(* Let $E\in\mathbb R$, $\eta>0$ and $n\ge0$. Then, in the sense of quadratic forms, $$\tilde\Gamma(0)\ \ge\ \sum_{x\in S_n}\ \sum_{y\in\mathcal N_x^+}G(0,x;E+i\eta)\,\tilde\Gamma(y)\,G(0,x;E+i\eta)^*.$$
   Context: Let $K\ge 2$ be an integer and let $\mathcal T$ be the rooted tree with root $0$ in which every vertex has exactly $K$ children. $x_-$ denotes the parent of $x$, $\mathcal N_x^+$ the set of children of $x$, and $S_n$ the set of vertices at distance $n$ from $0$. $H$ acts on $\ell^2(\mathcal T;\mathbb C^W)$ with blocks $I_W$ between adjacent vertices, Hermitian matrices $U(x)$ on the diagonal, and $0$ otherwise. $G(x,y;z)$ is the $(x,y)$ block of $(H-z)^{-1}$. For $y\ne0$, $\Gamma(y)=G^{\mathcal T_{y_-}}(y,y;E+i\eta)$, the $(y,y)$ block of the resolvent of the restriction of $H$ to the tree with $y_-$ deleted. Also $\Gamma(0)=G(0,0;E+i\eta)$, and $\tilde\Gamma(y)=(\Gamma(y)-\Gamma(y)^* )/(2i)$. *)

From Stdlib Require Import Reals List.
Import ListNotations.
Open Scope R_scope.

Record C := mkC { Re : R; Im : R }.
Definition C0 : C := mkC 0 0.
Definition C1 : C := mkC 1 0.
Definition Cadd (a b : C) : C := mkC (Re a + Re b) (Im a + Im b).
Definition Copp (a : C) : C := mkC (- Re a) (- Im a).
Definition Cmul (a b : C) : C :=
  mkC (Re a * Re b - Im a * Im b) (Re a * Im b + Im a * Re b).
Definition Cconj (a : C) : C := mkC (Re a) (- Im a).
Definition Cnorm2 (a : C) : R := Re a * Re a + Im a * Im a.

Fixpoint Csum (n : nat) (f : nat -> C) : C :=
  match n with O => C0 | S m => Cadd (Csum m f) (f m) end.

(** * W x W complex matrices: entries with indices < W are meaningful *)
Definition Mat := nat -> nat -> C.
Definition mzero : Mat := fun _ _ => C0.
Definition mid : Mat := fun i j => if Nat.eqb i j then C1 else C0.
Definition madd (A B : Mat) : Mat := fun i j => Cadd (A i j) (B i j).
Definition msub (A B : Mat) : Mat := fun i j => Cadd (A i j) (Copp (B i j)).
Definition mscale (a : C) (A : Mat) : Mat := fun i j => Cmul a (A i j).
Definition mmul (W : nat) (A B : Mat) : Mat :=
  fun i j => Csum W (fun k => Cmul (A i k) (B k j)).
Definition madj (A : Mat) : Mat := fun i j => Cconj (A j i).
Definition msum_list {T : Type} (l : list T) (f : T -> Mat) : Mat :=
  fold_right (fun t acc => madd (f t) acc) mzero l.
Definition meq (W : nat) (A B : Mat) : Prop :=
  forall i j, (i < W)%nat -> (j < W)%nat -> A i j = B i j.
Definition hermitian (W : nat) (A : Mat) : Prop :=
  forall i j, (i < W)%nat -> (j < W)%nat -> A i j = Cconj (A j i).
Definition fnorm2 (W : nat) (A : Mat) : R :=
  Re (Csum W (fun i => Csum W (fun j => mkC (Cnorm2 (A i j)) 0))).
(** imaginary part  (A - A^* ) / (2 i) ;  1/(2i) = - i / 2 *)
Definition ImM (A : Mat) : Mat := mscale (mkC 0 (- / 2)) (msub A (madj A)).
Definition qform (W : nat) (A : Mat) (v : nat -> C) : C :=
  Csum W (fun i => Csum W (fun j => Cmul (Cmul (Cconj (v i)) (A i j)) (v j))).
Definition loewner_le (W : nat) (B A : Mat) : Prop :=
  forall v : nat -> C, Re (qform W B v) <= Re (qform W A v).

(** A vertex is a list of child indices (each < K), read from the vertex
   towards the root: the root 0 is [], the children of x are c :: x (c < K),
   and the parent of c :: x is x. *)
Definition vertex := list nat.
Definition valid (K : nat) (x : vertex) : Prop := Forall (fun c => (c < K)%nat) x.
Definition children (K : nat) (x : vertex) : list vertex :=
  map (fun c => c :: x) (seq 0 K).
Fixpoint sphere (K n : nat) : list vertex :=
  match n with
  | O => [ [] ]
  | S m => flat_map (children K) (sphere K m)
  end.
——————————
• WORK TO BE COMPLETED
Show the lines of the listing above with "Copp".

• EXPECTED ANSWER
Definition Copp (a : C) : C := mkC (- Re a) (- Im a).
Definition msub (A B : Mat) : Mat := fun i j => Cadd (A i j) (Copp (B i j)).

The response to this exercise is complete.